(Brief): Your answer must hold only the lines below from the line containing "by apply: eq_bigr => v" through the line containing "set y := halfpow", each reproduced exactly.

(Stored data entries)
(* Let $k\ge2$ be an integer and $n\in\mathbb Z$, and suppose that $H=(L_k^{(0)})^2$ is invertible (over $\mathbb Q$). Then $L_k^{(n)}$ is invertible and its inverse is $L_k^{(-n)}H^{-1}$.
   Context: Fix an integer $k\ge2$. Let $Q_k$ be the $k\times k$ matrix whose first row is all ones, with $(Q_k)_{i+1,i}=1$ for $1\le i\le k-1$ and all other entries $0$, and for $r\in\mathbb Z$ let $Q_k^r$ denote its $r$-th power. The generalized Lucas sequence of order $k$, $(l_{k,n})_{n\in\mathbb Z}$, is the two-sided sequence satisfying $l_{k,n+k}=l_{k,n+k-1}+\dots+l_{k,n}$ for all $n\in\mathbb Z$ with initial values $l_{k,r}=\operatorname{trace}(Q_k^r)$ for $0\le r\le k-1$ (so $l_{k,0}=k$ and $l_{k,r}=2^r-1$ for $1\le r\le k-1$). For $n\in\mathbb Z$ the generalized Lucas matrix $L_k^{(n)}$ is the $k\times k$ matrix with entries $(L_k^{(n)})_{i,1}=l_{k,k+n-i}$ and $(L_k^{(n)})_{i,j}=\sum_{m=n-i+j-1}^{k+n-i-1} l_{k,m}$ for $2\le j\le k$, $1\le i\le k$. *)

From HB Require Import structures.
From mathcomp Require Import all_boot all_order all_algebra.
Set Implicit Arguments. Unset Strict Implicit. Unset Printing Implicit Defensive.
Import Order.TTheory GRing.Theory Num.Theory.
Local Open Scope ring_scope.

Definition Qk (k : nat) : 'M[int]_k :=
  \matrix_(i < k, j < k) (if (i == 0%N :> nat) || (i == j.+1 :> nat) then 1 else 0).

(* l : Z -> Z is the generalized Lucas sequence of order k: it satisfies
   l_{n+k} = l_{n+k-1} + ... + l_n for all n in Z, and l_r = trace(Q_k^r) for 0 <= r <= k-1.
   (Such a two-sided sequence exists and is unique.) *)
Definition is_gen_lucas (k : nat) (l : int -> int) : Prop :=
  (forall n : int, l (n + k%:Z) = \sum_(t < k) l (n + t%:Z)) /\
  (forall r : nat, (r < k)%N -> l r%:Z = \tr (Qk k ^+ r)).

(* The generalized Lucas matrix L_k^{(n)} (0-indexed i, j; paper's indices are i+1, j+1):
   (L)_{i,1} = l_{k+n-i}, and for 2 <= j <= k,
   (L)_{i,j} = sum_{m = n-i+j-1}^{k+n-i-1} l_m  (k - j + 1 terms). *)
Definition lucas_mx (k : nat) (l : int -> int) (n : int) : 'M[rat]_k :=
  \matrix_(i < k, j < k)
    (if j == 0%N :> nat then (l (k%:Z + n - (i.+1)%:Z))%:~R
     else \sum_(t < k - j) (l (n - (i.+1)%:Z + (j.+1)%:Z - 1 + t%:Z))%:~R).

From HB Require Import structures.
From mathcomp Require Import all_boot all_order all_algebra.
From mathcomp Require Import zify ring.
Import GRing.Theory Num.Theory.
Local Open Scope ring_scope.

(* Only the recurrence matters.  Every entry of L^(n) is a sum of k - j
   consecutive Lucas numbers (column 0 included, by the recurrence), from which
   one reads off Q L^(n) = L^(n+1) = L^(n) Q.  Hence L^(a+1) L^(b) = L^(a) L^(b+1),
   so L^(a) L^(b) depends only on a + b and L^(n) L^(-n) = H, which exhibits
   L^(-n) H^-1 as a right inverse of L^(n). *)

Section LucasMatrices.
Variables (k : nat) (l : int -> int).
Hypothesis l_rec : forall n : int, l (n + k%:Z) = \sum_(t < k) l (n + t%:Z).

Local Notation lq m := ((l m)%:~R : rat).
Local Notation L := (lucas_mx k l).
Local Notation Q := (map_mx intr (Qk k) : 'M[rat]_k).

Lemma lucas_sum_window (m : int) : \sum_(t < k) lq (m + t%:Z) = lq (m + k%:Z).
Proof. by rewrite l_rec rmorph_sum. Qed.

Lemma lucas_sum_prev (m : int) : \sum_(r < k) lq (m - r%:Z) = lq (m + 1).
Proof.
rewrite (reindex_inj rev_ord_inj) /=.
have -> : m + 1 = (m + 1 - k%:Z) + k%:Z by ring.
rewrite -lucas_sum_window; apply: eq_bigr => r _.
by congr (l _)%:~R; have := ltn_ord r; lia.
Qed.

Definition lucas_entry (j : nat) (m : int) : rat :=
  \sum_(t < k - j) lq (m + j%:Z - 1 + t%:Z).

Lemma lucas_entry_out j m : (k <= j)%N -> lucas_entry j m = 0.
Proof. by rewrite /lucas_entry -subn_eq0 => /eqP ->; rewrite big_ord0. Qed.

Lemma lucas_mxE n (i j : 'I_k) : L n i j = lucas_entry j (n - i%:Z).
Proof.
rewrite mxE /lucas_entry; case: eqP => [-> | _].
  by rewrite subn0 lucas_sum_window; congr (l _)%:~R; lia.
by apply: eq_bigr => t _; congr (l _)%:~R; lia.
Qed.

Lemma lucas_entry_sum_prev j m :
  \sum_(r < k) lucas_entry j (m - r%:Z) = lucas_entry j (m + 1).
Proof.
rewrite exchange_big; apply: eq_bigr => t _.
have -> : m + 1 + j%:Z - 1 + t%:Z = (m + j%:Z - 1 + t%:Z) + 1 by ring.
rewrite -lucas_sum_prev.
by apply: eq_bigr => r _; congr (l _)%:~R; ring.
Qed.

Lemma lucas_entry_succ j m : (j < k)%N ->
  lucas_entry 0 m + lucas_entry j.+1 m = lucas_entry j (m + 1).
Proof.
move=> ltjk; rewrite /lucas_entry.
have -> : (k - j = (k - j.+1).+1)%N by lia.
rewrite big_ord_recr /= addrC subn0 lucas_sum_window.
congr (_ + _); first by congr (l _)%:~R; lia.
by apply: eq_bigr => t _; congr (l _)%:~R; lia.
Qed.

Lemma Qk_ratE (i j : 'I_k) :
  Q i j = if (i == 0%N :> nat) || (i == j.+1 :> nat) then 1 else 0.
Proof. by rewrite !mxE; case: ifP. Qed.

Lemma Qk_mul_lucas_mx n : Q *m L n = L (n + 1).
Proof.
apply/matrixP => i j; rewrite mxE lucas_mxE.
under eq_bigr => r _ do rewrite Qk_ratE lucas_mxE.
case: i => [[|i] lt_ik] /=.
  by under eq_bigr do rewrite mul1r; rewrite lucas_entry_sum_prev subr0.
pose F (r : nat) := lucas_entry j (n - r%:Z).
rewrite (eq_bigr (fun r : 'I_k => if r == i :> nat then F r else 0)).
  by rewrite -big_mkcond big_ord1_eq ltnW // /F; congr lucas_entry; lia.
by move=> r _; rewrite eqSS eq_sym; case: eqP; rewrite ?mul1r ?mul0r.
Qed.

Lemma lucas_mx_mul_Qk n : L n *m Q = L (n + 1).
Proof.
apply/matrixP => i j; rewrite mxE lucas_mxE.
pose F (r : nat) := lucas_entry r (n - i%:Z).
rewrite (eq_bigr (fun r : 'I_k =>
  (if r == 0%N :> nat then F r else 0) + (if r == j.+1 :> nat then F r else 0))).
  rewrite big_split -!big_mkcond /= !big_ord1_eq (leq_trans _ (ltn_ord i)) //.
  rewrite [X in _ + X](_ : _ = F j.+1); last first.
    by rewrite /F; case: ltnP => // /lucas_entry_out ->.
  by rewrite /F lucas_entry_succ //; congr lucas_entry; lia.
move=> r _; rewrite Qk_ratE lucas_mxE /F.
case: r => [[|r] lt_rk] /=; first by rewrite mulr1 addr0.
by rewrite add0r; case: ifP; rewrite ?mulr1 ?mulr0.
Qed.

Lemma lucas_mx_mul_shift a b : L (a + 1) *m L b = L a *m L (b + 1).
Proof. by rewrite -Qk_mul_lucas_mx -lucas_mx_mul_Qk mulmxA. Qed.

Lemma lucas_mx_mul a b : L a *m L b = L 0 *m L (a + b).
Proof.
elim/int_ind: a b => [b | a IH b | a IH b]; first by rewrite add0r.
  have -> : (a.+1)%:Z = a%:Z + 1 by lia.
  by rewrite lucas_mx_mul_shift IH; congr (_ *m L _); lia.
rewrite -[b](subrK 1) -lucas_mx_mul_shift.
have -> : - (a.+1)%:Z + 1 = - a%:Z by lia.
by rewrite IH; congr (_ *m L _); lia.
Qed.

End LucasMatrices.

Theorem theorem7 (k : nat) (l : int -> int) (n : int) :
  (2 <= k)%N -> is_gen_lucas k l ->
  let H := lucas_mx k l 0 *m lucas_mx k l 0 in
  H \in unitmx ->
  lucas_mx k l n \in unitmx /\
  invmx (lucas_mx k l n) = lucas_mx k l (- n) *m invmx H.
Proof.
move=> _ [l_rec _] H H_unit.
have right_inv : lucas_mx k l n *m (lucas_mx k l (- n) *m invmx H) = 1%:M.
  by rewrite mulmxA lucas_mx_mul // subrr mulmxV.
have [L_unit _] := mulmx1_unit right_inv.
by split=> //; rewrite -[RHS](mulKmx L_unit) right_inv mulmx1.
Qed.
Lemma card_nonredundant_instances :
  #|nonredundant_instances| <= #|{: constraint q k n}|.+1 ^ NRD n Gamma.
Proof.
apply: leq_trans (card_small_sets _ _); apply/subset_leq_card/subsetP => J.
by rewrite !inE => instJ; apply: leq_bigmax_cond.
Qed.

Lemma det_alg_NRD s : #|{: constraint q k n}|.+1 ^ NRD n Gamma <= 2 ^ s ->
  exists A : det_alg q k n s, det_decides Gamma A.
Proof.
move=> card_le.
apply: (@det_alg_of_Sat_seq s [seq Sat J | J <- enum nonredundant_instances]).
  by rewrite size_map -cardE (leq_trans card_nonredundant_instances).
move=> l /stream_ok_is_instance inst_l.
have [J [JI nrJ <-]] := exists_nonredundant_subset (instance_of l).
by apply: map_f; rewrite mem_enum inE nrJ (is_instance_subset JI).
Qed.

End Deterministic.

Lemma det_alg_NRD_log (q k : nat) (Gamma : {set {set {ffun 'I_k -> 'Z_q}}}) :
  exists C N0 : nat, forall n : nat, N0 <= n ->
    exists A : det_alg q k n (C * NRD n Gamma * up_log 2 n), det_decides Gamma A.
Proof.
pose K := #|{: {set {ffun 'I_k -> 'Z_q}}}| * #|{: {ffun 'I_k -> 'Z_q}}|.
exists (K + k), 2 => n n_gt1; apply: det_alg_NRD.
have -> : #|{: constraint q k n}| = K * n ^ k.
  by rewrite !card_prod mulnAC [#|{: {ffun 'I_k -> 'I_n}}|]card_ffun !card_ord.
rewrite mulnAC expnM (leq_trans (_ : _ <= (2 ^ ((K + k) * up_log 2 n)) ^ NRD n Gamma)) //.
by elim: (NRD n Gamma) => // e IHe; rewrite !expnS leq_mul // ltn_mul_expn_up_log.
Qed.

Section Probes.
Variables (q k n : nat) (Gamma : {set {set {ffun 'I_k -> 'Z_q}}}).
Implicit Types (c : constraint q k n) (I S : {set constraint q k n})
  (a b e : {ffun 'I_n -> 'Z_q}).

Definition cshift c e : constraint q k n := (c.1, [ffun j => c.2 j + e (c.1.2 j)])%R.

Lemma csat_cshift a c e : csat a (cshift c e) = csat (a + e)%R c.
Proof.
rewrite /csat /=; congr (_ \in c.1.1).
by apply/ffunP => j; rewrite !ffunE [(c.2 j + _)%R]addrC addrA.
Qed.

Lemma cvalid_cshift c e : cvalid Gamma c -> cvalid Gamma (cshift c e).
Proof.
case/andP=> inGamma /'forall_forallP consistent; rewrite /cvalid inGamma.
apply/'forall_forallP => j1 j2; apply/implyP => /= same_var.
by rewrite !ffunE (eqP (implyP (consistent j1 j2) same_var)) (eqP same_var).
Qed.

(* Otherwise satisfying [c] would be preserved by translation by [b - a], and [q - 1] such
   translations lead from [b] back to [a]. *)
Lemma shift_separates c a b : 1 < q -> ~~ csat a c -> csat b c ->
  exists e, csat a (cshift c e) && ~~ csat b (cshift c e).
Proof.
move=> q_gt1 nsat_a sat_b; apply/existsP; apply: contraNT nsat_a.
rewrite negb_exists => /forallP no_e.
pose d := (b - a)%R.
have step x : csat x c -> csat (x + d)%R c.
  move=> sat_x; have := no_e (x - a)%R.
  by rewrite !csat_cshift [(a + _)%R]addrC subrK sat_x negbK addrCA.
have sat_mul j : csat (a + d *+ j.+1)%R c.
  elim: j => [|j IHj]; first by rewrite mulr1n addrC subrK.
  by rewrite mulrS [(d + _)%R]addrC addrA; apply: step.
have dq0 : (d *+ q = 0)%R.
  by apply/ffunP => v; rewrite ffunMnE !ffunE -mulr_natr pchar_Zp // mulr0.
by have := sat_mul q.-1; rewrite prednK ?(ltnW q_gt1) // dq0 addr0.
Qed.

Lemma exists_probe I c : 1 < q -> is_instance Gamma I -> c \in I -> ~~ redundant I c ->
  exists T, is_instance Gamma T /\
    forall S, S \subset I -> satisfiable (S :|: T) = (c \notin S).
Proof.
move=> q_gt1 instI cI /(nonredundant_witness cI)[a sat_a nsat_a].
have valid_c : cvalid Gamma c by move/forall_inP: instI; apply.
exists [set c' | [&& cvalid Gamma c', c'.1 == c.1 & csat a c']]; split.
  by apply/forall_inP => c'; rewrite inE => /and3P[].
move=> S SI; apply/set0Pn/idP => [[b] | cNS].
  rewrite inE => /forall_inP sat_b; apply/negP => cS.
  have [|e /andP[sat_a_e]] := shift_separates q_gt1 nsat_a (sat_b c _).
    by rewrite inE cS.
  by rewrite sat_b // !inE /= cvalid_cshift // eqxx sat_a_e orbT.
exists a; rewrite inE; apply/forall_inP => c'; rewrite !inE => /orP[c'S | /and3P[//]].
move: sat_a; rewrite inE => /forall_inP; apply; rewrite !inE (subsetP SI) // andbT.
by apply: contraNneq cNS => <-.
Qed.

End Probes.

Lemma sum_mul_eq_indicator (R : pzSemiRingType) (T : finType) (F : T -> R) (v : T) :
  (\sum_u F u * (u == v)%:R = F v)%R.
Proof.
rewrite (bigD1 v) //= eqxx mulr1 big1 ?addr0 // => u /negbTE ->.
by rewrite mulr0.
Qed.

Section Distributions.
Variables (R : realDomainType) (T : finType).
Implicit Types (d F : T -> R).
Local Open Scope ring_scope.

Definition distribution d := (forall t, 0 <= d t) /\ \sum_t d t = 1.

Lemma distribution_mean_in01 d F : distribution d ->
  (forall t, 0 <= F t <= 1) -> 0 <= \sum_t d t * F t <= 1.
Proof.
move=> [d_ge0 d_sum1] F01; apply/andP; split.
  by apply: sumr_ge0 => t _; rewrite mulr_ge0 // (andP (F01 t)).1.
rewrite -[leRHS]d_sum1 ler_sum // => t _.
by rewrite ler_piMr // (andP (F01 t)).2.
Qed.

Lemma exists_le_mean d F : distribution d -> exists t, F t <= \sum_u d u * F u.
Proof.
move=> [d_ge0 d_sum1].
have [t0 _] : exists t0 : T, true.
  apply/existsP; apply: contra_eqT d_sum1 => /existsPn T0.
  by rewrite big_pred0 1?eq_sym ?oner_eq0 // => t; have := T0 t.
exists [arg min_(t < t0) F t]%O; case: arg_minP => // t _ t_min.
rewrite -[leLHS]mul1r -d_sum1 mulr_suml ler_sum // => u _.
by move: (t_min u isT); apply: ler_wpM2l.
Qed.

End Distributions.

Section RandomizedRuns.
Variables (q k n : nat) (R : realType) (s : nat) (A : rand_alg q k n R s).
Local Notation state := 'I_(2 ^ s).
Implicit Types (d : state -> R) (u v : state) (l : seq (constraint q k n)).
Local Open Scope ring_scope.

Definition r_run d l : state -> R :=
  foldl (fun d c v => \sum_u d u * r_step A u c v) d l.

Definition r_accept_from u l := \sum_v r_run (fun w => (u == w)%:R) l v * r_out A v.

Lemma r_run_linear d l v : r_run d l v = \sum_u d u * r_run (fun w => (u == w)%:R) l v.
Proof.
elim: l d => [|c l IH] d /=; first by rewrite sum_mul_eq_indicator.
rewrite IH; under [RHS]eq_bigr => u _ do rewrite IH big_distrr.
rewrite exchange_big /=; apply: eq_bigr => w _.
rewrite big_distrl /=; apply: eq_bigr => u _.
by under [in RHS]eq_bigr => x _ do rewrite mulrC eq_sym; rewrite sum_mul_eq_indicator mulrA.
Qed.

Lemma r_accept_cat l1 l2 :
  r_accept A (l1 ++ l2) = \sum_u r_dist A l1 u * r_accept_from u l2.
Proof.
rewrite /r_accept /r_dist foldl_cat -/(r_run _ l2).
under eq_bigr => v _ do rewrite r_run_linear big_distrl /=.
rewrite exchange_big /=; apply: eq_bigr => u _.
by rewrite /r_accept_from big_distrr /=; apply: eq_bigr => v _; rewrite mulrA.
Qed.

Hypothesis wf : rand_wf A.

Lemma r_run_distribution d l : distribution d -> distribution (r_run d l).
Proof.
have [_ [_ [step_distr _]]] := wf.
elim: l d => [|c l IH] d // [d_ge0 d_sum1]; apply: IH; split.
  move=> v; apply: sumr_ge0 => u _; rewrite mulr_ge0 //.
  by have [->] := step_distr u c.
rewrite exchange_big /= -[RHS]d_sum1; apply: eq_bigr => u _.
by rewrite -big_distrr /= (step_distr u c).2 mulr1.
Qed.

Lemma r_dist_distribution l : distribution (r_dist A l).
Proof. by have [init_ge0 [init_sum1 _]] := wf; apply: r_run_distribution. Qed.

Lemma r_accept_from_in01 u l : 0 <= r_accept_from u l <= 1.
Proof.
have [_ [_ [_ out_in01]]] := wf.
apply: distribution_mean_in01 => //; apply: r_run_distribution; split.
  by move=> v; rewrite ler0n.
rewrite -[RHS](sum_mul_eq_indicator (fun=> 1) u).
by apply: eq_bigr => v _; rewrite mul1r eq_sym.
Qed.

End RandomizedRuns.

Section HalfPowers.
Variable R : realType.
Local Open Scope ring_scope.

Definition halfpow (e : R) : R := expR (- (ln 2 * e)).

Lemma expR_ln2 : expR (ln 2) = 2 :> R.
Proof. by rewrite lnK // posrE. Qed.

Lemma ln2_ge0 : 0 <= ln 2 :> R.
Proof. by rewrite ltW // ln_gt0 // ltr1n. Qed.

Lemma halfpow_sum (I : Type) (r : seq I) (F : I -> R) :
  \prod_(i <- r) halfpow (F i) = halfpow (\sum_(i <- r) F i).
Proof. by rewrite /halfpow -expR_sum mulr_sumr sumrN. Qed.

Lemma halfpow_pair_le e : 0 <= e <= 1 -> halfpow e + halfpow (1 - e) <= 3 / 2.
Proof.
move=> /andP[e_ge0 e_le1].
set y := halfpow e; have y_gt0 : 0 < y := expR_gt0 _.
have -> : halfpow (1 - e) = 2^-1 * y^-1.
  by rewrite /y /halfpow mulrBr mulr1 opprB expRD !expRN invrK expR_ln2 mulrC.
have y_le1 : y <= 1 by rewrite -expR0 ler_expR oppr_le0 mulr_ge0 ?ln2_ge0.
have y_ge : 2^-1 <= y.
  by rewrite -expR_ln2 -expRN /y /halfpow ler_expR lerN2 ler_piMr ?ln2_ge0.
rewrite -subr_ge0.
have -> : 3 / 2 - (y + 2^-1 * y^-1) = (2 * y - 1) * (1 - y) / (2 * y).
  by field; rewrite gt_eqF.
by apply: divr_ge0; [apply: mulr_ge0 | ]; lra.
Qed.

End HalfPowers.

Section CubeBound.
Variable R : realFieldType.
Local Open Scope ring_scope.

Lemma cube_bound (N : nat) (m t : R) :
  0 <= m -> 0 < t -> t ^+ 3 = 2 ^+ N ->
  2 ^+ N <= m * (t * (3 / 2) ^+ N) -> 32 ^+ N <= 27 ^+ N * m ^+ 3.
Proof.
move=> m_ge0 t_gt0 t3 le_2N.
set P : R := 2 ^+ N; set h : R := (3 / 2) ^+ N.
have P_gt0 : 0 < P by rewrite exprn_gt0.
have h_ge0 : 0 <= h by apply: exprn_ge0; lra.
have : P ^+ 3 <= (m * (t * h)) ^+ 3.
  by rewrite lerXn2r // nnegrE ?(ltW P_gt0) // !mulr_ge0 // ltW.
rewrite !exprMn t3 -/P exprSr mulrCA [P * _]mulrC => cube.
have P2_le : P ^+ 2 <= m ^+ 3 * h ^+ 3 by rewrite -(ler_pM2r P_gt0).
have -> : (32 : R) ^+ N = P ^+ 2 * 8 ^+ N.
  by rewrite -exprM mulnC exprM -exprMn; congr (_ ^+ _); rewrite -natrX -natrM.
have -> : (27 : R) ^+ N = h ^+ 3 * 8 ^+ N.
  by rewrite -exprM mulnC exprM -exprMn; congr (_ ^+ _); field.
by rewrite [h ^+ 3 * _ * _]mulrAC ler_pM2r ?exprn_gt0 // mulrC.
Qed.

End CubeBound.

(* [N] bits [x] are encoded as a random memory state with law [D x]; bit [i] is read off
   state [u] as [false] with probability [g i u]. *)
Section RandomAccessCode.
Variables (R : realType) (M : finType) (N : nat).
Variables (D : {ffun 'I_N -> bool} -> M -> R) (g : 'I_N -> M -> R).
Local Open Scope ring_scope.

Let err (x : {ffun 'I_N -> bool}) i u := if x i then g i u else 1 - g i u.
Let total_err (x : {ffun 'I_N -> bool}) u := \sum_i err x i u.
Let B := N%:R / 3 : R.
Let low x u : bool := total_err x u <= B.

Hypothesis D_distribution : forall x, distribution (D x).
Hypothesis g_in01 : forall i u, 0 <= g i u <= 1.
Hypothesis err_le : forall x i, \sum_u D x u * err x i u <= 1 / 3.

Lemma low_error_state x : exists u, low x u.
Proof.
have [u le_mean] := exists_le_mean (total_err x) (D_distribution x).
exists u; apply: le_trans le_mean _.
under eq_bigr do rewrite mulr_sumr.
rewrite exchange_big /=; apply: le_trans (ler_sum _ (fun i _ => err_le x i)) _.
by rewrite sumr_const card_ord -mulr_natl /B; lra.
Qed.

(* Weight [x] by [\prod_i halfpow (err x i u) = 2^(-total_err x u)]: a low-error [x] weighs
   at least [2^(-N/3)], and the total weight factors into [N] sums, each at most [3/2]. *)
Lemma low_error_count u :
  \sum_(x : {ffun 'I_N -> bool}) (low x u)%:R <= expR (ln 2 * B) * (3 / 2) ^+ N.
Proof.
have ind_le x : (low x u)%:R <= expR (ln 2 * B) * \prod_i halfpow (err x i u).
  rewrite halfpow_sum -expRD.
  case: (boolP (low x u)) => [low_xu | _]; last exact/ltW/expR_gt0.
  apply: le_trans (expR_ge1Dx _); rewrite lerDl subr_ge0.
  by move: low_xu; apply: ler_wpM2l; exact: ln2_ge0.
apply: le_trans (ler_sum _ (fun x _ => ind_le x)) _.
rewrite -mulr_sumr ler_wpM2l ?(ltW (expR_gt0 _)) //.
rewrite /err -(bigA_distr_bigA (fun i b => halfpow (if b then g i u else 1 - g i u))) /=.
have -> : (3 / 2 : R) ^+ N = \prod_(i < N) (3 / 2) by rewrite prodr_const card_ord.
apply: ler_prod => i _; rewrite big_bool /= halfpow_pair_le // andbT.
by rewrite addr_ge0 // ltW // expR_gt0.
Qed.

Lemma pow2_le_states : 2 ^+ N <= #|M|%:R * (expR (ln 2 * B) * (3 / 2) ^+ N).
Proof.
have cover x : 1 <= \sum_u (low x u)%:R :> R.
  have [u low_xu] := low_error_state x.
  rewrite (bigD1 u) //= low_xu lerDl; apply: sumr_ge0 => v _; exact: ler0n.
have -> : (2 : R) ^+ N = \sum_(x : {ffun 'I_N -> bool}) 1.
  by rewrite sumr_const card_ffun card_bool card_ord natrX.
apply: le_trans (ler_sum _ (fun x _ => cover x)) _; rewrite exchange_big /=.
apply: le_trans (ler_sum _ (fun u _ => low_error_count u)) _.
by rewrite sumr_const [leRHS]mulr_natl.
Qed.

Theorem random_access_code_bound : (32 ^ N <= 27 ^ N * #|M| ^ 3)%N.
Proof.
rewrite -(ler_nat R) natrM !natrX.
apply: (@cube_bound _ _ _ (expR (ln 2 * B)) _ (expR_gt0 _) _ pow2_le_states) => //.
rewrite -expRM_natr (_ : ln 2 * B * 3%:R = N%:R * ln 2) ?expRM_natl ?expR_ln2 //.
by rewrite /B; field.
Qed.

End RandomAccessCode.

Lemma NRD_attained (q k n : nat) (Gamma : {set {set {ffun 'I_k -> 'Z_q}}}) :
  exists I : {set constraint q k n},
    [/\ is_instance Gamma I, nonredundant I & #|I| = NRD n Gamma].
Proof.
have [|I /andP[instI nrI] NRD_I] := eq_bigmax_cond (fun I : {set constraint q k n} => #|I|)
    (A := [pred I | is_instance Gamma I && nonredundant I]).
  apply/card_gt0P; exists set0; rewrite !inE.
  by apply/andP; split; apply/forall_inP => c; rewrite inE.
by exists I; split; last exact/esym/NRD_I.
Qed.

Lemma NRD_gt0 (q k n : nat) (Gamma : {set {set {ffun 'I_k -> 'Z_q}}}) :
  k <= n -> nontrivial Gamma -> 0 < NRD n Gamma.
Proof.
move=> le_kn /andP[_ /exists_inP[R0 R0_Gamma]].
rewrite -properT => /properP[_ [t _ tNR0]].
pose f : {ffun 'I_k -> 'I_n} := [ffun j => widen_ord le_kn j].
have f_inj : injective f by move=> j1 j2; rewrite !ffunE => /(congr1 val) /= /val_inj.
have [a a_f] : exists a : {ffun 'I_n -> 'Z_q}, forall j, a (f j) = t j.
  exists [ffun v => if [pick j | f j == v] is Some j then t j else 0%R] => j.
  by rewrite ffunE; case: pickP => [j' /eqP /f_inj -> // | /(_ j)]; rewrite eqxx.
pose c : constraint q k n := (R0, f, [ffun=> 0%R]).
have nsat_a : ~~ csat a c.
  apply: contra tNR0; rewrite /csat; congr (_ \in R0).
  by apply/ffunP => j; rewrite ffunE a_f ffunE addr0.
apply: leq_trans (leq_bigmax_cond [set c] _); first by rewrite cards1.
rewrite /nonredundant; apply/andP; split; apply/forall_inP => c'; rewrite inE => /eqP ->.
  by rewrite /cvalid R0_Gamma; apply/'forall_forallP => j1 j2; rewrite !ffunE eqxx implybT.
rewrite /redundant setDv Sat_set0 eq_sym; apply/negP => /eqP/setP/(_ a).
by rewrite !inE => /forall_inP/(_ c); rewrite inE eqxx => /(_ isT); apply/negP.
Qed.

(Completed exercise):
by apply: eq_bigr => v _; rewrite mul1r eq_sym.
Qed.

End RandomizedRuns.

Section HalfPowers.
Variable R : realType.
Local Open Scope ring_scope.

Definition halfpow (e : R) : R := expR (- (ln 2 * e)).

Lemma expR_ln2 : expR (ln 2) = 2 :> R.
Proof. by rewrite lnK // posrE. Qed.

Lemma ln2_ge0 : 0 <= ln 2 :> R.
Proof. by rewrite ltW // ln_gt0 // ltr1n. Qed.

Lemma halfpow_sum (I : Type) (r : seq I) (F : I -> R) :
  \prod_(i <- r) halfpow (F i) = halfpow (\sum_(i <- r) F i).
Proof. by rewrite /halfpow -expR_sum mulr_sumr sumrN. Qed.

Lemma halfpow_pair_le e : 0 <= e <= 1 -> halfpow e + halfpow (1 - e) <= 3 / 2.
Proof.
move=> /andP[e_ge0 e_le1].
set y := halfpow e; have y_gt0 : 0 < y := expR_gt0 _.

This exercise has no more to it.